В итоге, войдя во вкус, и побуждаемый своими сообщниками, решился он все-таки объявить всем свое «истинное царское имя». Какое-то время Кремневу даже сопутствовал успех. Селения губернии встречали его хлебом-солью и колокольным звоном, а вокруг самозванца собрался народ в более чем полтысячи человек. Но вся эта банда разбежалась разом во все стороны при первых же наших выстрелах. Гаврилку и его сообщников мы поймали и провели следствие, на котором они все дружно друг дружку оговаривали.
Суд приговорил его к смертной казни, но матушка-императрица ведь у нас милостивая и просвещенная самодержица. Такого, что сейчас творится при Пугачеве, тогда ведь и в помине даже не было, так что отнеслись к беглому солдату тогда очень даже мягко. Екатерина Алексеевна собственноручно начертала на поданном ей отчете по сему делу дословно, – и барон, усмехнувшись, продекламировал: – «Сие преступление произошло без всякого с разумом и смыслом соображения, а единственно от пьянства и невежества, что дальнейших и опасных видов и намерений не крылось. Попам указать, что поститься надобно не только в еде, но и в питие».
Скажу тебе больше, когда императрицу спросили, в чем же причина этого ее последнего указания, она со свойственным ей юмором заметила, что «…В другое время они закусывают, а во время поста без еды пьют». И что все это от дури людской и от безделия, а вовсе не от злого намеренья.
Самозванца было приказано возить по всем селам и местечкам, где он прежде объявлял себя императором. К его груди привязали доску с надписью «Беглец и самозванец», выставляли на позорище на ярмарочных площадях и прилюдно при этом секли кнутом. А солдату, исполняющему это наказание, велено было приговаривать: «Не в свои сани не садись, дурак!».
После этой поездки самозваному императору выжгли на лбу начальные буквы слов «Беглец и самозванец» – БС, да и сослали на вечное поселение в забайкальский Нерчинск. Туда, кстати, потом несколько таких же вот, как он, самозванцев еще уехало. Появлялись они у нас часто, словно бы грибы после теплого осеннего дождя, один за другим.
Вот только на память тебе – в том же шестьдесят пятом году объявился Петром III беглый солдат Брянского полка.

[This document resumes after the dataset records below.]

(* For every integer $r\ge2$, $$\zeta(r)=\frac{1}{(1-2^{1-r})\,r!}\sum_{n=1}^\infty\frac{1}{2^{n+1}}\,Y_r\!\left(0!\,H_n^{(1)},1!\,H_n^{(2)},\dots,(r-1)!\,H_n^{(r)}\right),$$ the series being convergent.
   Context: $\zeta$ is the Riemann zeta function. $H_n^{(m)}=\sum_{k=1}^nk^{-m}$. Complete (exponential) Bell polynomials: $Y_0=1$ and for $r\ge1$, $Y_r(x_1,\dots,x_r)=\sum \frac{r!}{k_1!\cdots k_r!}\prod_{j=1}^r\left(\frac{x_j}{j!}\right)^{k_j}$, the sum over all tuples of nonnegative integers $(k_1,\dots,k_r)$ with $k_1+2k_2+\cdots+rk_r=r$. *)

From Stdlib Require Import Reals Lra Lia ZArith List.
Import ListNotations.
Open Scope R_scope.

Fixpoint all_lists (len bound : nat) : list (list nat) :=
  match len with
  | O => [nil]
  | S l => flat_map (fun a => map (cons a) (all_lists l bound)) (seq 0 (S bound))
  end.

Fixpoint wsum (j : nat) (k : list nat) : nat :=
  match k with
  | nil => O
  | a :: k' => (j * a + wsum (S j) k')%nat
  end.

Fixpoint bell_prod (x : nat -> R) (j : nat) (k : list nat) : R :=
  match k with
  | nil => 1
  | a :: k' => (/ INR (fact a)) * (x j / INR (fact j)) ^ a * bell_prod x (S j) k'
  end.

До этого был разорившийся армянский купец Антон Асланбеков. Потом казак с Исетской провинции Конон Белянин и с ним же Каменщиков. Еще позже захотели царствовать подпоручик армейского Ширванского полка Иосафат Батурин и беглый солдат из Астрахани Мамыкин, который во всеуслышание объявлял, что он-де тот самый император, которому, конечно же, удалось скрыться от злых царедворцев, и что «он принимает опять на себя царство и будет льготить крестьян». Были крепостной Федот Богомолов и беглый каторжанин Рябов, да много еще кто. Ни один из них не был казнен, а некоторых так просто пороли и отправляли по полкам или же к своим помещикам под надзор.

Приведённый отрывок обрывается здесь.